MacAndrew glared at her, and then he seemed to deflate. He turned to Eric and growled, "you're so clever, Peterkin, why don't you tell her?"

Eric gingerly released his hold, assured himself that the good doctor was more than equal to the task of holding down MacAndrew, and got back to his feet. "I'm willing to guess that Charlotte knew something," he said. "She was an extraordinarily observant girl. She could spot the slightest detail, and extrapolate the truth from nearly nothing. More than that, she had a scientific mind, and she was interested in forensic science. Penny, do you remember what we were discussing when you walked in on us? Charlotte was talking about the possibility of identifying someone by the traces left behind: nail clippings, for example. Or hair."

He picked up the braid of red hair and held it to the moonlight. "We know this hair didn't come from Richard Baker. Penny, you suggested that it might have come, instead, from Mrs. Baker's first husband. That's very probable: if a woman keeps a lock of hair as a memento, it is usually cut from a man she loves. But if that first husband were dead, why would Charlotte be interested in identifying him through his hair?" Eric turned to MacAndrew, and said: "Sir, your hair is white; but I think it might once have been red. I think this braid of hair is yours, gathered from your beard when you shaved it off prior to setting off for Flanders. Why else would you fear Charlotte Drake, unless you thought she could identify you as Mrs. Baker's supposedly-dead first husband? I did notice that you called her by her first name not two minutes ago: I think you might be much better acquainted with her than you pretend to be."

The look on MacAndrew's face spoke volumes.

Eric said: "If you were positively identified as such, then Mrs. Baker's marriage to Franklin Baker would be known to be bigamous and therefore invalid. The house had come to her as Franklin Baker's wife, but if she was no such thing, then it would have gone to--the elder stepdaughter, whichever one that was."

"That would be Florence," said Dr. Miller. "By Jove. Charlotte did say that Florence had a legitimate grievance, didn't she?"

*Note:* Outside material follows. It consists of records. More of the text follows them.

(* Let $g_4(a,b,c,d)=S^4_3+3S^4_{1,1,1}-T^4_{2,1}$. Then $g_4(a^2,b^2,c^2,d^2)\in\mathcal{E}(\mathcal{P}_{4,6})\setminus\Sigma_{4,6}$, and $g_4\in\mathcal{E}(\mathcal{P}^+_{4,3})$.
   Context: Variables $a,b,c,d$ (also $x_1,\dots,x_4$). $S^4_3=\sum_i x_i^3$, $T^4_{2,1}=\sum_{i}x_i^2\sum_{j\ne i}x_j$, $S^4_{1,1,1}=bcd+acd+abd+abc$. $\mathcal{P}_{4,6}$ is the cone of real homogeneous sextic forms in $a,b,c,d$ that are nonnegative on $\mathbb{R}^4$, $\Sigma_{4,6}\subset\mathcal{P}_{4,6}$ the cone of sums of squares of real cubic forms. $\mathcal{P}^+_{4,3}$ is the cone of all real homogeneous cubic forms in $a,b,c,d$ nonnegative on $\mathbb{R}_{\ge0}^4$. For a closed convex cone $\mathcal{P}$, $f\in\mathcal{P}\setminus\{0\}$ is extremal if $f=g+h$ with $g,h\in\mathcal{P}$ forces $g,h\in\mathbb{R}_{\ge0}f$; $\mathcal{E}(\mathcal{P})$ is the set of extremal elements. *)

From mathcomp Require Import all_boot all_algebra.
From mathcomp Require Import reals.
From mathcomp Require Import mpoly.
Set Implicit Arguments. Unset Strict Implicit. Unset Printing Implicit Defensive.
Import GRing.Theory Num.Theory.
Local Open Scope ring_scope.

Section Forms.
Variable R : realType.
Local Notation P := {mpoly R[4]}.

Definition S3 : P := \sum_(i < 4) 'X_i ^+ 3.
Definition T21 : P := \sum_(i < 4) ('X_i ^+ 2 * \sum_(j < 4 | j != i) 'X_j).
Definition S111 : P := \sum_(i < 4) \prod_(j < 4 | j != i) 'X_j.

Definition g4 : P := S3 + 3%:R *: S111 - T21.

Definition g4sq : P := comp_mpoly [tuple 'X_i ^+ 2 | i < 4] g4.

Definition P46 (p : P) : Prop :=
  p \is 6.-homog /\ forall x : 'I_4 -> R, 0 <= p.@[x].

Definition Sigma46 (p : P) : Prop :=
  exists s : seq P, all (fun q => q \is 3.-homog) s /\ p = \sum_(q <- s) q ^+ 2.

Definition Pplus43 (p : P) : Prop :=
  p \is 3.-homog /\ forall x : 'I_4 -> R, (forall i, 0 <= x i) -> 0 <= p.@[x].

Definition extremal (C : P -> Prop) (f : P) : Prop :=
  C f /\ f != 0 /\
  forall g h : P, C g -> C h -> f = g + h ->
    (exists c : R, 0 <= c /\ g = c *: f) /\ (exists c : R, 0 <= c /\ h = c *: f).

End Forms.

(* Nonnegativity: g4 is symmetric, and at a sorted point of the orthant it is
   a polynomial with nonnegative coefficients in the smallest coordinate and
   the gaps between consecutive ones.
   Extremality: if 0 <= g <= f in the cone, g vanishes at the zeros of f and,
   being nonnegative along segments through them, has vanishing slopes there
   (first-order expansion along a line).  At the integer zeros of f these are
   integer linear conditions on the coefficient vector of g; a fraction-free
   Gauss-Jordan elimination, proved sound and run by computation, shows that
   they tie every coefficient to that of a^d.  As f satisfies them as well,
   g = g(e1) f.
   Not a sum of squares: a cubic q with q^2 <= f vanishes on the real zeros
   of f, which by elimination forces q(e1) = 0, whereas f(e1) = 1. *)

From Stdlib Require Import ZArith.
From HB Require Import structures.
From mathcomp Require Import all_boot all_order all_algebra.
From mathcomp Require Import reals mpoly ssrZ ring lra.
Set Implicit Arguments. Unset Strict Implicit. Unset Printing Implicit Defensive.
Import Order.TTheory GRing.Theory Num.Theory.
Local Open Scope ring_scope.

Definition i0 : 'I_4 := @Ordinal 4 0 isT.
Definition i1 : 'I_4 := @Ordinal 4 1 isT.
Definition i2 : 'I_4 := @Ordinal 4 2 isT.
Definition i3 : 'I_4 := @Ordinal 4 3 isT.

MacAndrew grunted. "Rachel was with child when the Germans got me. The Army told her I was dead, and she was terrified of raising a child without a father. And there was old Franklin Baker, with two young daughters, looking for someone to mother them...."

"Why didn't you say anything when you came back?"

"She was happy. Do you understand? Florence was always a handful, but Magdalen was a dear; and Richard was already growing to be the spitting image of me. Baker didn't care that Richard wasn't his, and he cared for Rachel ... perhaps better than I could have. I ... I thought it best to keep away. Until I saw Baker's obituary, and knew Rachel was free again...."

The fight seemed to have gone out of him, and Dr. Miller dared now to release his hold. Eric turned to Penny, and said: "You'd best fetch the police. Dr. Miller and I will wait here with MacAndrew, see he doesn't run off."

"What are you going to tell them?"

"The truth, I suppose. It's all going to have to go to trial eventually, and I'm not going to lie under oath."

"We can always hope that they'll let you off lightly for trying to fight a duel."

Eric, clambering up onto a tombstone to begin his vigil, smiled and shrugged. "If I can risk my life to avenge an insult," he said, "I think I can risk my freedom to get justice for Charlotte Drake."